WordPress has reset 100,000 accounts as a precautionary measure

It was rather big news when earlier this week, it became known that up to 5 million Gmail usernames and their corresponding passwords were published over at a Russian Bitcoin forum. Google has continued to maintain that they have strong reason to believe that the security breach was none of their fault, but this does not mean that Gmail users should continue using the very same password as though nothing had changed. Automattic, the company that operates hosted blogging service WordPress.com, has taken the route of “better safe than sorry” to reveal that pre-emptive measures have been taken in order to secure thousands of its own accounts – and this is done by resetting 100,000 accounts which use a similar password as that found on the associated Gmail addresses.
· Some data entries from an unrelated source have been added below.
(* For all integers $k,n\ge 0$, $$\sum_{i=0}^{n}\sum_{j=0}^{n-i}(-1)^i\binom{n-i}{j}\binom{k}{i}\binom{k}{j}=1.$$ *)

From mathcomp Require Import all_boot all_order all_algebra.
Set Implicit Arguments. Unset Strict Implicit. Unset Printing Implicit Defensive.

(* The inner sum over j is a Vandermonde convolution, equal to C(n - i + k, k).
   The remaining alternating sum is then telescoped by Pascal's rule: one proves
   sum_i (-1)^i C(k, i) C(n - i + k + d, n - i) = C(n + d, n) by induction on k
   for all n and d, and takes d = 0. *)

From mathcomp Require Import all_boot all_order all_algebra.
Import GRing.Theory.
Local Open Scope ring_scope.

Lemma sum_bin_mul_bin (m k : nat) :
  (\sum_(0 <= j < m.+1) 'C(m, j) * 'C(k, j) = 'C(m + k, m))%N.
Proof.
rewrite big_nat_rev (@eq_big_nat _ _ _ _ _ _ (fun j => 'C(m, j) * 'C(k, m - j))%N).
  by rewrite big_mkord binomial.Vandermonde.
by move=> j /andP[_ lt_j]; rewrite add0n subSS bin_sub.
Qed.

Lemma sum_sign_binS (R : pzRingType) (k n : nat) (f : nat -> R) :
  \sum_(0 <= i < n.+1) (-1) ^+ i * 'C(k.+1, i)%:R * f i =
  \sum_(0 <= i < n.+1) (-1) ^+ i * 'C(k, i)%:R * f i
  - \sum_(0 <= i < n) (-1) ^+ i * 'C(k, i)%:R * f i.+1.
Proof.
rewrite !big_nat_recl // !bin0 -addrA; congr (_ + _).
rewrite -sumrN -big_split /=; apply: eq_bigr => i _.
by rewrite binS natrD mulrDr mulrDl exprS mulN1r !mulNr.
Qed.

Lemma sum_sign_bin_mul_bin (R : pzRingType) (k d n : nat) :
  \sum_(0 <= i < n.+1) (-1) ^+ i * ('C(k, i) * 'C(n - i + (k + d), n - i))%:R
  = 'C(n + d, n)%:R :> R.
Proof.
elim: k d n => [|k IHk] d n.
  rewrite big_nat_recl // big1_seq => [|i _]; last by rewrite bin0n mul0n mulr0.
  by rewrite addr0 expr0 mul1r bin0 mul1n subn0.
under eq_bigr do rewrite natrM mulrA.
rewrite sum_sign_binS.
have IHk' m : \sum_(0 <= i < m.+1)
    (-1) ^+ i * 'C(k, i)%:R * 'C(m - i + (k + d).+1, m - i)%:R
    = 'C(m + d.+1, m)%:R :> R.
  by rewrite -addnS -IHk; apply: eq_bigr => i _; rewrite natrM mulrA.
rewrite IHk'; case: n => [|m]; first by rewrite big_geq // subr0 !bin0.
under [X in _ - X]eq_bigr do rewrite subSS.
by rewrite IHk' addnS binS natrD -addSnnS addrK.
Qed.

Theorem corollary3p4 (k n : nat) :
  \sum_(0 <= i < n.+1) \sum_(0 <= j < (n - i).+1)
     ((-1) ^+ i * ('C(n - i, j) * 'C(k, i) * 'C(k, j))%:R : int) = 1.
Proof.
transitivity ('C(n + 0, n)%:R : int); last by rewrite addn0 binn.
rewrite -(sum_sign_bin_mul_bin _ k 0 n); apply: eq_bigr => i _.
rewrite -mulr_sumr -natr_sum addn0 -sum_bin_mul_bin big_distrr /=.
by congr (_ * _%:R); apply: eq_bigr => j _; rewrite mulnCA mulnA.
Qed.
Lemma uadd_ultra (p q : set_system Z) : UltraFilter p -> UltraFilter q -> UltraFilter (uadd p q).
Proof.
  intros Up Uq. unfold uadd. apply ultra_of_compl.
  - apply Build_ProperFilter_ex.
    + intros A h. destruct (filter_ex (F := p) h) as [n hn].
      destruct (filter_ex (F := q) hn) as [m hm]. eauto.
    + constructor.
      * apply (filterS (F := p) (P := setT)); [intros n _; apply (filterT (F := q))|apply filterT].
      * intros A B hA hB. apply (filterS (F := p) (P := _ `&` _) (fun n h => filterI (F := q) (proj1 h) (proj2 h))).
        exact (filterI hA hB).
      * intros A B AB. apply filterS. intros n. apply filterS. intros m; apply AB.
  - intros A. destruct (in_ultra_setVsetC (fun n => q (fun m => A (n + m)%Z)) Up) as [h|h];
      [left; exact h|right].
    apply (filterS (F := p) (P := ~` (fun n => q (fun m => A (n + m)%Z)))); [|exact h]. intros n hn.
    destruct (in_ultra_setVsetC (fun m => A (n + m)%Z) Uq) as [h'|h']; [contradiction|exact h'].
Qed.

Lemma uadd_assoc (p q r : set_system Z) : uadd (uadd p q) r = uadd p (uadd q r).
Proof.
  apply functional_extensionality; intro A. unfold uadd.
  f_equal; apply functional_extensionality; intro n.
  f_equal; apply functional_extensionality; intro m.
  f_equal; apply functional_extensionality; intro k.
  rewrite Z.add_assoc. reflexivity.
Qed.

Definition ultra_on (F : set_system Z) (q : set_system Z) : Prop :=
  UltraFilter q /\ forall A, F A -> q A.

(* [ultra_on F] is the closed subset of beta Z cut out by F; every closed subset is of this form. *)
Definition closed_subsemigroup (F : set_system Z) : Prop :=
  (exists q, ultra_on F q) /\
  forall q1 q2, ultra_on F q1 -> ultra_on F q2 -> ultra_on F (uadd q1 q2).

(* Right translation by u is continuous, so it maps the compact set [ultra_on H] onto a closed set. *)
Lemma uadd_r_image (H : set_system Z) (u q : set_system Z) : UltraFilter u -> UltraFilter q ->
  (forall A, (forall s, ultra_on H s -> uadd s u A) -> q A) ->
  exists s, ultra_on H s /\ q = uadd s u.
Proof.
  intros Uu Uq Hq.
  set (G := fun B : set Z => H B \/ exists C, q C /\ forall n, u (fun m => C (n + m)%Z) -> B n).
  assert (HG : fip G).
  { intros l Hl.
    assert (Hsplit : exists l1 C, (forall B, In B l1 -> H B) /\ q C /\
      forall n, (forall B, In B l1 -> B n) -> u (fun m => C (n + m)%Z) -> forall A, In A l -> A n).
    { induction l as [|A l IH].
      - exists nil, setT. split; [intros B []|]. split; [apply filterT|]. intros n _ _ A [].
      - destruct IH as (l1 & C & H1 & qC & HC); [intros; apply Hl; right; auto|].
        destruct (Hl A (or_introl eq_refl)) as [hA|(C' & qC' & HC')].
        + exists (A :: l1), C. split; [intros B [<-|HB]; auto|]. split; [exact qC|].
          intros n hn hu B [<-|HB]; [apply hn; left; reflexivity|].
          apply HC; auto. intros; apply hn; right; auto.
        + exists l1, (C `&` C'). split; [exact H1|]. split; [exact (filterI qC qC')|].
          intros n hn hu B [<-|HB].
          * apply HC'. exact (filterS (fun m h => proj2 h) hu).
          * apply HC; auto. exact (filterS (fun m h => proj1 h) hu). }
    destruct Hsplit as (l1 & C & H1 & qC & HC).
    apply NNPP; intro hno.
    assert (qnC : q (fun k => ~ C k)).
    { apply Hq. intros s [Us Hs]. unfold uadd.
      apply (filterS (F := s) (P := fun n => forall B, In B l1 -> B n));
        [|apply (filter_list_inter s); auto].
      intros n hn. destruct (in_ultra_setVsetC (fun m => C (n + m)%Z) Uu) as [h|h]; [|exact h].
      exfalso; apply hno; exists n; apply HC; auto. }
    exact (ultra_not_both q C qC qnC). }
  destruct (ultra_of_fip G HG) as [s [Us Hs]].
  assert (Usu := uadd_ultra s u Us Uu).
  exists s. split; [split; [exact Us|intros B HB; apply Hs; left; exact HB]|].
  symmetry. apply (max_filter (F := q)); [exact _|].
  intros C qC. apply Hs. right. exists C; split; [exact qC|]. intros n h; exact h.
Qed.

Lemma chain_list_bound {T : Type} (C : set (set T)) (G : set T) (l : list T) :
  total_on C subset ->
  (forall a, In a l -> G a \/ (\bigcup_(X in C) X) a) ->
  (forall a, In a l -> G a) \/ exists2 X, C X & forall a, In a l -> G a \/ X a.
Proof.
  intros Ctot. induction l as [|b l IH]; intros Hl.
  - left; intros a [].
  - assert (Hb := Hl b (or_introl eq_refl)).
    destruct IH as [Gl|[X CX HX]]; [intros a ha; apply Hl; right; exact ha| |].
    + destruct Hb as [Gb|[Y CY Yb]].
      * left; intros a [<-|ha]; [exact Gb|exact (Gl a ha)].
      * right; exists Y; [exact CY|]. intros a [<-|ha]; [right; exact Yb|left; exact (Gl a ha)].
    + destruct Hb as [Gb|[Y CY Yb]].
      * right; exists X; [exact CX|]. intros a [<-|ha]; [left; exact Gb|exact (HX a ha)].
      * destruct (Ctot X Y CX CY) as [XY|YX].
        -- right; exists Y; [exact CY|]. intros a [<-|ha]; [right; exact Yb|].
           destruct (HX a ha) as [h|h]; [left; exact h|right; exact (XY a h)].
        -- right; exists X; [exact CX|]. intros a [<-|ha]; [right; exact (YX b Yb)|exact (HX a ha)].
Qed.

Lemma ultra_on_mono (F G : set_system Z) (q : set_system Z) :
  F `<=` G -> ultra_on G q -> ultra_on F q.
Proof. intros FG [Uq Hq]. split; [exact Uq|]. intros A hA; exact (Hq A (FG A hA)). Qed.

Lemma closed_subsemigroup_chain (F : set_system Z) (C : set (set_system Z)) :
  closed_subsemigroup F -> (forall X, C X -> closed_subsemigroup (F `|` X)) ->
  total_on C subset -> closed_subsemigroup (F `|` \bigcup_(X in C) X).
Proof.
  intros [[q0 [U0 H0]] HF] HC Ctot. split.
  - apply ultra_of_fip. intros l Hl.
    destruct (chain_list_bound C F l Ctot Hl) as [Fl|[X CX HX]].
    + exact (filter_ex (F := q0) (filter_list_inter q0 l (fun A hA => H0 A (Fl A hA)))).
    + destruct (HC X CX) as [[q [Uq Hq]] _].
      exact (filter_ex (F := q) (filter_list_inter q l (fun A hA => Hq A (HX A hA)))).
  - intros q1 q2 H1 H2. split; [exact (uadd_ultra q1 q2 (proj1 H1) (proj1 H2))|].
    intros A [hA|[X CX hX]].
    + apply (proj2 (HF q1 q2 (ultra_on_mono _ _ _ (fun B hB => or_introl hB) H1)
                             (ultra_on_mono _ _ _ (fun B hB => or_introl hB) H2))).
      exact hA.
    + assert (sub : F `|` X `<=` F `|` \bigcup_(X in C) X).
      { intros B [hB|hB]; [left; exact hB|right; exists X; [exact CX|exact hB]]. }
      apply (proj2 (proj2 (HC X CX) q1 q2 (ultra_on_mono _ _ _ sub H1) (ultra_on_mono _ _ _ sub H2))).
      right; exact hX.
Qed.

(* For maximal M, S := [ultra_on (F `|` M)] is a minimal closed subsemigroup (Ellis' argument):
   for u in S, S + u is a closed subsemigroup of S, hence equal to S; then {q in S | q + u = u}
   is a nonempty closed subsemigroup, hence all of S, and it contains u. *)
Section MaximalFamily.

Variables F M : set_system Z.
Hypothesis M_semigroup : closed_subsemigroup (F `|` M).
Hypothesis M_maximal : forall B, M `<` B -> ~ closed_subsemigroup (F `|` B).

Lemma maximal_absorbs (G : set_system Z) :
  (exists q, ultra_on (F `|` M) q /\ G `<=` q) ->
  (forall q1 q2, ultra_on (F `|` M) q1 -> G `<=` q1 ->
     ultra_on (F `|` M) q2 -> G `<=` q2 -> G `<=` uadd q1 q2) ->
  G `<=` M.
Proof.
  intros [q [Hq Gq]] HG A GA. apply NNPP; intro nMA.
  apply (M_maximal (M `|` G)).
  - split; [intros B hB; left; exact hB|]. intros sub. exact (nMA (sub A (or_intror GA))).
  - assert (split_on : forall s, ultra_on (F `|` (M `|` G)) s <-> ultra_on (F `|` M) s /\ G `<=` s).
    { intros s. rewrite setUA. split.
      - intros Hs. split; [exact (ultra_on_mono _ _ _ (fun B hB => or_introl hB) Hs)|].
        intros B hB; exact (proj2 Hs B (or_intror hB)).
      - intros [[Us Hs] Gs]. split; [exact Us|]. intros B [hB|hB]; [exact (Hs B hB)|exact (Gs B hB)]. }
    split.
    + exists q. apply split_on. split; assumption.
    + intros q1 q2 Hq1 Hq2.
      destruct (proj1 (split_on q1) Hq1) as [H1 G1]. destruct (proj1 (split_on q2) Hq2) as [H2 G2].
      apply split_on. split; [exact (proj2 M_semigroup q1 q2 H1 H2)|exact (HG q1 q2 H1 G1 H2 G2)].
Qed.

Lemma maximal_right_translates (u : set_system Z) : ultra_on (F `|` M) u ->
  forall q, ultra_on (F `|` M) q -> exists s, ultra_on (F `|` M) s /\ q = uadd s u.
Proof.
  intros Hu.
  set (G := fun A => forall s, ultra_on (F `|` M) s -> uadd s u A).
  assert (GM : G `<=` M).
  { apply maximal_absorbs.
    - exists (uadd u u). split; [exact (proj2 M_semigroup u u Hu Hu)|]. intros A GA; exact (GA u Hu).
    - intros q1 q2 H1 _ H2 G2 A GA.
      destruct (uadd_r_image (F `|` M) u q2 (proj1 Hu) (proj1 H2) G2) as [s [Hs ->]].
      rewrite <- uadd_assoc. exact (GA _ (proj2 M_semigroup q1 s H1 Hs)). }
  intros q Hq. apply (uadd_r_image _ u q (proj1 Hu) (proj1 Hq)).
  intros A GA. apply (proj2 Hq). right. exact (GM A GA).
Qed.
Earlier this week, news emerged that up to 5 million Gmail usernames and passwords were published to a Russian Bitcoin forum, though Google said that it didn’t believe any of it was the result of a security breach at its end. Now, Automattic, which operates hosted blogging service WordPress.com, has revealed it has taken pre-emptive measures to secure thousands of its own accounts. While the company’s quick to point out that the Gmail security breach is in no way connected to WordPress itself, given that a slew of emails on the list matched email addresses used by WordPress.com bloggers, it has reset 100,000 accounts that use the same password as the associated Gmail addresses on the list. “We also sent email notification of the password reset containing instructions for regaining access to the account,” explained Automattic’s Daryl Houston.” Those affected were asked to hit the Login button on the homepage and request a new password. If nothing else, this serves as a timely reminder that it’s never wise to use the same password across multiple online services. If one of your accounts its breached, this makes it infinitely easier for miscreants to cause you even more bother. To add an extra layer of security to your online accounts, it’s also worth checking if they support two-step verification – which WordPress.com actually does. Automattic revealed that it found 600,000 other matching email addresses on the leaked Gmail list, though these didn’t use the same passwords as their WordPress accounts, so weren’t reset.